Chroniques de l'invisible - 270

Refuge. Le seul refuge, c’est le corps textuel. Je mets du temps pour y venir pour n’y laisser aucune trace des tensions d’autres corps générées par l’angoisse. Le premier réflexe contre lequel je lutte est le rapport circonstancié alors que je le sais qu’il n’y a aucun risque. Je ne réponds pas à cela. L’ambiance retombe. Cela fait des années que c’est la même histoire. « Je ne dors pas depuis deux jours ». Moi non plus. Depuis vingt ans. Pourtant, je fais acte de présence.

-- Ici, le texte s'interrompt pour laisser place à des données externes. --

(* Square of [a f - a' f' = a (f - f') + (a - a') f']. *)
Lemma sqr_mulB_le {R : realDomainType} (h a a' f f' : R) :
  0 <= a <= h ->
  (a * f - a' * f') ^+ 2 <= 2 * h ^+ 2 * (f - f') ^+ 2 + 2 * ((a - a') ^+ 2 * f' ^+ 2).
Proof.
move=> /andP[a0 ah]; have := sqr_le_of_le a0 ah.
have := sqr_ge0 (a * (f - f') - (a - a') * f'); have := sqr_ge0 (f - f'); nra.
Qed.

Lemma sum_le_telescope {R : numDomainType} (u V : nat -> R) N :
  (forall t, (0 < t)%N -> u t + V t <= V t.-1) ->
  \sum_(1 <= t < N.+1) u t + V N <= V 0%N.
Proof.
move=> dec; elim: N => [|N IH]; first by rewrite big_geq // add0r.
rewrite big_nat_recr //= -addrA; apply: le_trans IH; rewrite lerD2l; exact: dec.
Qed.

Lemma exists_le_of_sum_le {R : realDomainType} (u : nat -> R) b T :
  (0 < T)%N -> \sum_(1 <= t < T.+1) u t <= T%:R * b ->
  exists2 t, (1 <= t <= T)%N & u t <= b.
Proof.
move=> T_gt0 sum_le; apply: contrapT => no_t.
have : T%:R * b < \sum_(1 <= t < T.+1) u t.
  rewrite (_ : T%:R * b = \sum_(1 <= t < T.+1) b); last first.
    by rewrite sumr_const_nat subn1 mulr_natl.
  rewrite ltr_sum_nat // => t /andP[t1 tT].
  by rewrite ltNge; apply/negP => ut; apply: no_t; exists t => //; rewrite t1.
by rewrite ltNge sum_le.
Qed.

Section EuclideanSpace.
Context {R : realType} {n : nat}.
Implicit Types (u v y p : 'rV[R]_n).

Lemma inner_sqr_ge0 u : 0 <= inner u u.
Proof. by apply: sumr_ge0 => i _; rewrite -expr2 sqr_ge0. Qed.

Lemma enorm_ge0 u : 0 <= enorm u.
Proof. exact: sqrtr_ge0. Qed.

Lemma enorm_sqr u : enorm u ^+ 2 = inner u u.
Proof. by rewrite sqr_sqrtr // inner_sqr_ge0. Qed.

Lemma enorm_sqrB u v : enorm (u - v) ^+ 2 = sqdist (u 0) (v 0).
Proof. by rewrite enorm_sqr; apply: eq_bigr => i _; rewrite !mxE expr2. Qed.

Lemma enorm_le_sqr u e : 0 <= e -> (enorm u <= e) = (enorm u ^+ 2 <= e ^+ 2).
Proof. by move=> e0; rewrite ler_sqr // nnegrE enorm_ge0. Qed.

Lemma sqr_enorm_le u e : enorm u <= e -> enorm u ^+ 2 <= e ^+ 2.
Proof. exact/sqr_le_of_le/enorm_ge0. Qed.

Lemma enorm_eq0 u : (enorm u == 0) = (u == 0).
Proof.
apply/idP/eqP => [|->]; last by rewrite /enorm /inner big1 ?sqrtr0 // => i _; rewrite mxE mul0r.
rewrite sqrtr_eq0 => uu_le0; apply/rowP => i; rewrite mxE.
have /psumr_eq0P uu0 : inner u u = 0 by apply/eqP; rewrite eq_le uu_le0 inner_sqr_ge0.
by apply/eqP; rewrite -sqrf_eq0 expr2 uu0 // => j _; rewrite -expr2 sqr_ge0.
Qed.

Lemma enorm_sqrDZ u v t :
  enorm (u + t *: v) ^+ 2 = enorm u ^+ 2 + 2 * t * inner u v + t ^+ 2 * enorm v ^+ 2.
Proof.
rewrite !enorm_sqr /inner !mulr_sumr -!big_split /=.
by apply: eq_bigr => i _; rewrite !mxE; ring.
Qed.

Lemma inner_le_enorm u v : inner u v <= enorm u * enorm v.
Proof.
have [u0|u_neq0] := eqVneq (enorm u) 0.
  move/eqP: (u0); rewrite enorm_eq0 => /eqP u_eq0; rewrite u0 mul0r u_eq0.
  by rewrite /inner big1 // => i _; rewrite mxE mul0r.
have [v0|v_neq0] := eqVneq (enorm v) 0.
  move/eqP: (v0); rewrite enorm_eq0 => /eqP v_eq0; rewrite v0 mulr0 v_eq0.
  by rewrite /inner big1 // => i _; rewrite mxE mulr0.
have uv_gt0 : 0 < enorm u * enorm v.
  by rewrite mulr_gt0 // lt_def ?u_neq0 ?v_neq0 enorm_ge0.
set a := enorm u; set b := enorm v.
have key : 2 * a * b * inner u v <= b ^+ 2 * inner u u + a ^+ 2 * inner v v.
  rewrite /inner !mulr_sumr -big_split /=; apply: ler_sum => i _.
  by rewrite -subr_ge0 (_ : _ - _ = (b * u 0 i - a * v 0 i) ^+ 2) ?sqr_ge0 //; ring.
rewrite -!enorm_sqr -/a -/b in key.
by rewrite -(ler_pM2l uv_gt0) -/a -/b; nra.
Qed.

Lemma enormD_le u v : enorm (u + v) <= enorm u + enorm v.
Proof.
rewrite enorm_le_sqr ?addr_ge0 ?enorm_ge0 // -[v]scale1r enorm_sqrDZ scale1r.
by have := inner_le_enorm u v; have := enorm_ge0 u; have := enorm_ge0 v; nra.
Qed.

Décision prise face au ciel. Je n’ai pas besoin d’un coup de fil personnalisé pour aider la manière qui a été employée pour encore me placer dans le camp des stigmatisés. Quand cela creuse à l’intérieur. Je n’aide pas à alimenter le système. On a tous le même spectacle devant les yeux. La responsabilité est tout autre. Au fond, c’est déjà engagé. Contre toute attente, je suis dans le rang. On parle même de sacrifice. On se jetterait dans la gueule du loup, mais si possible sans solidarité. Tout cela aurait pu devenir romantique. Le héros n’avait pas l’air très effondré. De discussions en discussions se révèle le non-dit. La façade semblait parfaite. Il allait aux putes. En fait, on ne sait pas. C’est la conclusion qui vient. Pendant ce temps, on continue de creuser. Rien à voir. La question de la responsabilité.